Царь Федор. Трилогия - Роман Злотников
Шрифт:
Интервал:
Закладка:
Настроение народа я увидел сразу, уже по въезде в Москву. Едва только моя личная сотня во главе колонны грозно блестевшего кольчугами, байданами и шеломами холопского полка проехала ворота Скородома, как народ валом повалил на улицу, выстраиваясь вдоль дороги густыми толпами и при моем приближении падая на колени и истово крестясь. При подъезде к Москве-реке на колокольнях церквей и монастырских соборов, а их в Москве в это время воистину было сорок сороков (в одном Кремле было почти два десятка церквей и соборов), ударили в колокола. Так что в ворота Кремля, около которых выстроились успевшие одеться в самые лучшие одежды думные и иные бояре, окольничие, стольники, конюшие, церковные иерархи во главе с патриархом, короче, весь местный бомонд, я въехал под слитный гул сотен колоколов. А когда я спрыгнул с коня, патриарх шагнул ко мне и отвесил низкий поклон.

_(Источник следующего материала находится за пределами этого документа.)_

Lemma newton_resid j : (ppow p (j + b) %| resid A B C (j + b) (newton j))%Z.
Proof.
elim: j => [|j IH].
  by rewrite add0n /resid !(mulr0, mul0r) !addr0; apply/zin_powP.
set L := (j + b).+1; rewrite addSn -/L /=.
have res_L : (ppow p (j + b) %| resid A B C L (newton j))%Z.
  have -> : resid A B C L (newton j) = (resid A B C L (newton j)
            - resid A B C (j + b) (newton j)) + resid A B C (j + b) (newton j) by ring.
  by rewrite rpredD // resid_shift.
have lt_bL : (b < L)%N by rewrite ltnS leq_addl.
have C_L : (ppow p b.+1 %| C L)%Z by apply: zin_pow_dvd C_b _ _.
move: res_L C_L; rewrite !ppowE => res_L C_L.
apply: (newton_step (A := A L) (B := B L) (C := C L)).
- by rewrite divzK.
- by rewrite -ppowE unit_partE // ltnW.
- exact/esym/divzK.
- exact: half_invP.
Qed.

Lemma zcoh_newton : zcoh p newton.
Proof.
move=> j; apply/eqP; rewrite eqz_mod_dvd /= addrAC subrr add0r rpredN.
exact: dvdz_mulr (dvdzz _).
Qed.

Lemma hensel_quadratic :
  exists2 w, zcoh p w & zeq p (fun n => resid A B C n (w n)) (zcst 0).
Proof.
exists newton => [|n]; first exact: zcoh_newton.
apply/eqP; rewrite eqz_mod_dvd subr0.
have -> : resid A B C n (newton n) = resid A B C (n + b) (newton n)
          - (resid A B C (n + b) (newton n) - resid A B C n (newton n)) by ring.
apply: rpredB; last by apply: resid_shift; rewrite leq_addr.
by apply: dvdz_trans (newton_resid n); apply: ppow_dvd; rewrite leq_addr.
Qed.
Lemma avg_Delta2 (g : vec -> C) :
  avg (fun x => avg (fun a => avg (fun b => Delta a (Delta b g) x)))
  = \sum_(xi : vec) `|fourier g xi| ^+ 4.
Proof.
set u := fun xi => `|fourier g xi| ^+ 2.
have avg_Delta_Delta b :
    avg (fun a => avg (Delta a (Delta b g))) = `|N * fourier u b| ^+ 2.
  have := avg_shift_mul (Delta b g) (fun x => (Delta b g x)^*).
  by rewrite avg_conj -normCK avg_Delta => <-.
have parseval_u :
    \sum_(b : vec) `|fourier u b| ^+ 2 = N^-1 * \sum_(xi : vec) `|fourier g xi| ^+ 4.
  under eq_bigr do rewrite normCK.
  rewrite parseval; congr (_ * _); apply: eq_bigr => xi _.
  by rewrite -normCK /u normrX normr_id -exprM.
rewrite avg_exchange (eq_avg (h := fun a => avg (fun b => avg (Delta a (Delta b g)))));
  last by move=> a; exact: avg_exchange.
rewrite avg_exchange (eq_avg avg_Delta_Delta).
under eq_avg do rewrite normrM exprMn.
rewrite /avg -big_distrr /= parseval_u ger0_norm ?(ltW N_gt0) //.
by field; exact: N_neq0.
Qed.

Lemma avg_ge0 (g : vec -> C) : (forall x, 0 <= g x) -> 0 <= avg g.
Proof.
by move=> g_ge0; rewrite mulr_ge0 ?sumr_ge0 // invr_ge0 ltW ?N_gt0.
Qed.

Lemma avg_Delta3 (f : vec -> C) :
  avg (fun x => avg (fun a => avg (fun b => avg (fun c =>
    Delta a (Delta b (Delta c f)) x))))
  = avg (fun c => \sum_(xi : vec) `|fourier (Delta c f) xi| ^+ 4).
Proof.
rewrite (eq_avg (h := fun x => avg (fun a => avg (fun c => avg (fun b =>
           Delta a (Delta b (Delta c f)) x))))); last first.
  by move=> x; apply: eq_avg => a; exact: avg_exchange.
rewrite (eq_avg (h := fun x => avg (fun c => avg (fun a => avg (fun b =>
           Delta a (Delta b (Delta c f)) x))))); last first.
  by move=> x; exact: avg_exchange.
by rewrite avg_exchange; apply: eq_avg => c; exact: avg_Delta2.
Qed.

Lemma U3norm_pow8 (f : vec -> C) :
  U3norm f ^+ 8 = avg (fun a => \sum_(xi : vec) `|fourier (Delta a f) xi| ^+ 4).
Proof. by rewrite rootCK // avg_Delta3. Qed.

Lemma U3norm_ge0 (f : vec -> C) : 0 <= U3norm f.
Proof.
rewrite rootC_ge0 // avg_Delta3 avg_ge0 // => a.
by rewrite sumr_ge0 // => xi _; rewrite exprn_ge0.
Qed.

Lemma norm2_sqr (f : vec -> C) : norm2 f ^+ 2 = inner f f.
Proof. exact: sqrtCK. Qed.

Lemma norm2_gt0 (f : vec -> C) : (exists x, f x != 0) -> 0 < norm2 f.
Proof.
case=> x0 fx0_neq0; rewrite sqrtC_gt0 mulr_gt0 ?invr_gt0 ?N_gt0 //.
rewrite (bigD1 x0) //= -normCK ltr_pwDl ?exprn_gt0 ?normr_gt0 //.
by rewrite sumr_ge0 // => x _; rewrite -normCK exprn_ge0.
Qed.

Definition charmass (f : vec -> C) (L : {set vec * vec}) : C :=
  \sum_(ab in L) `|fourier (Delta ab.1 f) ab.2| ^+ 2.

Lemma charP_setE (f : vec -> C) (L : {set vec * vec}) :
  charP_set f L = charmass f L / (N * norm2 f ^+ 4).
Proof. by rewrite /charP_set /charP -big_distrl. Qed.

Section LagrangianOf.

Variables (phi : vec -> C) (L : {set vec * vec}).
Hypothesis phi_norm : norm2 phi = 1.
Hypothesis phi_L : forall a b : vec, `|fourier (Delta a phi) b| = ((a, b) \in L)%:R.

Lemma card_lagrangian_of : #|L|%:R = N.
Proof.
have inner_phi : inner phi phi = 1 by rewrite -norm2_sqr phi_norm expr1n.
have := sum_fourier_Delta_mul phi phi.
rewrite inner_phi normr1 expr1n mulr1 pair_bigA /= => <-.
rewrite (eq_bigr (fun ab => if ab \in L then 1 else 0)) => [|[a b] _].
  by rewrite -big_mkcond sumr_const.
by rewrite -normCK phi_L; case: (_ \in L); rewrite ?expr1n ?expr0n.
Qed.

Lemma sum_abs_fourier_Delta_ge (f : vec -> C) :
  N * `|inner f phi| ^+ 2 <= \sum_(ab in L) `|fourier (Delta ab.1 f) ab.2|.
Proof.
rewrite -[leLHS]ger0_norm ?mulr_ge0 ?exprn_ge0 ?(ltW N_gt0) //.
rewrite -sum_fourier_Delta_mul pair_bigA /=.
apply: le_trans (ler_norm_sum _ _ _) _.
rewrite [leRHS]big_mkcond /=; apply: ler_sum => -[a b] _ /=.
by rewrite normrM norm_conjC phi_L; case: (_ \in L); rewrite ?mulr1 ?mulr0.
Qed.

Lemma charmass_ge (f : vec -> C) : N * `|inner f phi| ^+ 4 <= charmass f L.
Proof.
set S := \sum_(ab in L) `|fourier (Delta ab.1 f) ab.2|.
have : (N * `|inner f phi| ^+ 2) ^+ 2 <= N * charmass f L.
  apply: (@le_trans _ _ (S ^+ 2)).
    by rewrite ler_pXn2r ?nnegrE ?sumr_ge0 ?mulr_ge0 ?exprn_ge0
         ?(ltW N_gt0) ?sum_abs_fourier_Delta_ge.
  by rewrite -card_lagrangian_of cauchy_schwarz_sum // => ab _; exact: ger0_real.
by rewrite exprMn [N ^+ 2]expr2 -mulrA ler_pM2l ?N_gt0 // -exprM.
Qed.

Lemma charmass_le (f : vec -> C) : charmass f L <= N * U3norm f ^+ 4.
Proof.
have charmass_ge0 : 0 <= charmass f L.
  by rewrite sumr_ge0 // => ab _; rewrite exprn_ge0.
rewrite -(ler_pXn2r (isT : (0 < 2)%N)) ?nnegrE ?mulr_ge0 ?exprn_ge0 ?(ltW N_gt0)
  ?U3norm_ge0 //.
apply: (@le_trans _ _
  (#|L|%:R * \sum_(ab in L) (`|fourier (Delta ab.1 f) ab.2| ^+ 2) ^+ 2)).
  by apply: cauchy_schwarz_sum => ab _; rewrite ger0_real ?exprn_ge0.
rewrite card_lagrangian_of exprMn [N ^+ 2]expr2 -exprM U3norm_pow8 -mulrA.
rewrite ler_pM2l ?N_gt0 // -sum_avgE pair_bigA /=.
by under eq_bigr do rewrite -exprM; apply: sum_in_le_sum => ab; rewrite exprn_ge0.
Qed.

End LagrangianOf.

End FourierF2.

Theorem lemma2p17 (R : realType) (n : nat) (phi : vec n -> R[i])
    (L : {set vec n * vec n}) :
  stabilizer_state phi -> is_lagrangian_of phi L ->
  forall f : vec n -> R[i], (exists x, f x != 0) ->
    (`|inner f phi| / norm2 f) ^+ 4 <= charP_set f L /\
    charP_set f L <= (U3norm f / norm2 f) ^+ 4.
Proof.
move=> [phi_norm _] [_ phi_L] f f_neq0.
have N_gt0 := N_gt0 R n.
have norm2f4_gt0 : 0 < norm2 f ^+ 4 by rewrite exprn_gt0 ?norm2_gt0.
rewrite charP_setE invfM mulrA !expr_div_n.
split; rewrite ler_pM2r ?invr_gt0 //.
- by rewrite ler_pdivlMr // mulrC (charmass_ge phi_norm phi_L).
- by rewrite ler_pdivrMr // mulrC (charmass_le phi_norm phi_L).
Qed.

— Царь наш, Федор Борисович…
Вечером я заслушивал доклад Митрофана. Смерть царя была воспринята большинством людей не только с неким страхом и сожалением, которое всегда присутствует в обществе во времена больших перемен, но и с некой надеждой. Поскольку царевич Федор за те шесть лет, что я здесь пробыл, успел наработать в стране и свой личный авторитет. Причем, как выяснилось, немалый. В обсуждениях, где степенных, где бурных, мне в заслугу ставилось и немалое участие в спасении людей во времена голода, ибо и не принятые мной в вотчине все одно получали некое хлебное вспомоществование, и благодаря ему многие успели добраться до мест, где благополучно перебедовали, и заботу о народе, поскольку, по циркулирующим слухам, в моей вотчине все крестьяне даже «печи по-белому топят», и многое другое, где главным, конечно, была отмеченность печатью Пресвятой Богородицы, которая почтила меня своим откровением. Короче, снизувсе было просто отлично.
В середине, то есть среди поместного дворянства, в том числе и государева стременного полка, и ертаула, элиты поместного войска, также все было в полном порядке. А вот выше… выше все было смутно. Все эти три дня, что прошли после смерти отца, боярская партия, возглавляемая Шуйскими, пребывала в постоянной возне. Были отправлены аж шестеро гонцов, и один из них в чине стольника и ближнего самого Василия Шуйского. Причем с охраной. Куда, выяснить не удалось, но я сильно подозревал, что в западную сторонку, где обретался Самозванец. Что ж, именно это я и предполагал… А еще Митрофан доложил, что ходит слух, будто царя отравили. Уж больно быстро он умер. Часа за два до этого, на обеде, он был в полном порядке, а потом ему сделалось плохо, очень быстро отнялся язык, и… все.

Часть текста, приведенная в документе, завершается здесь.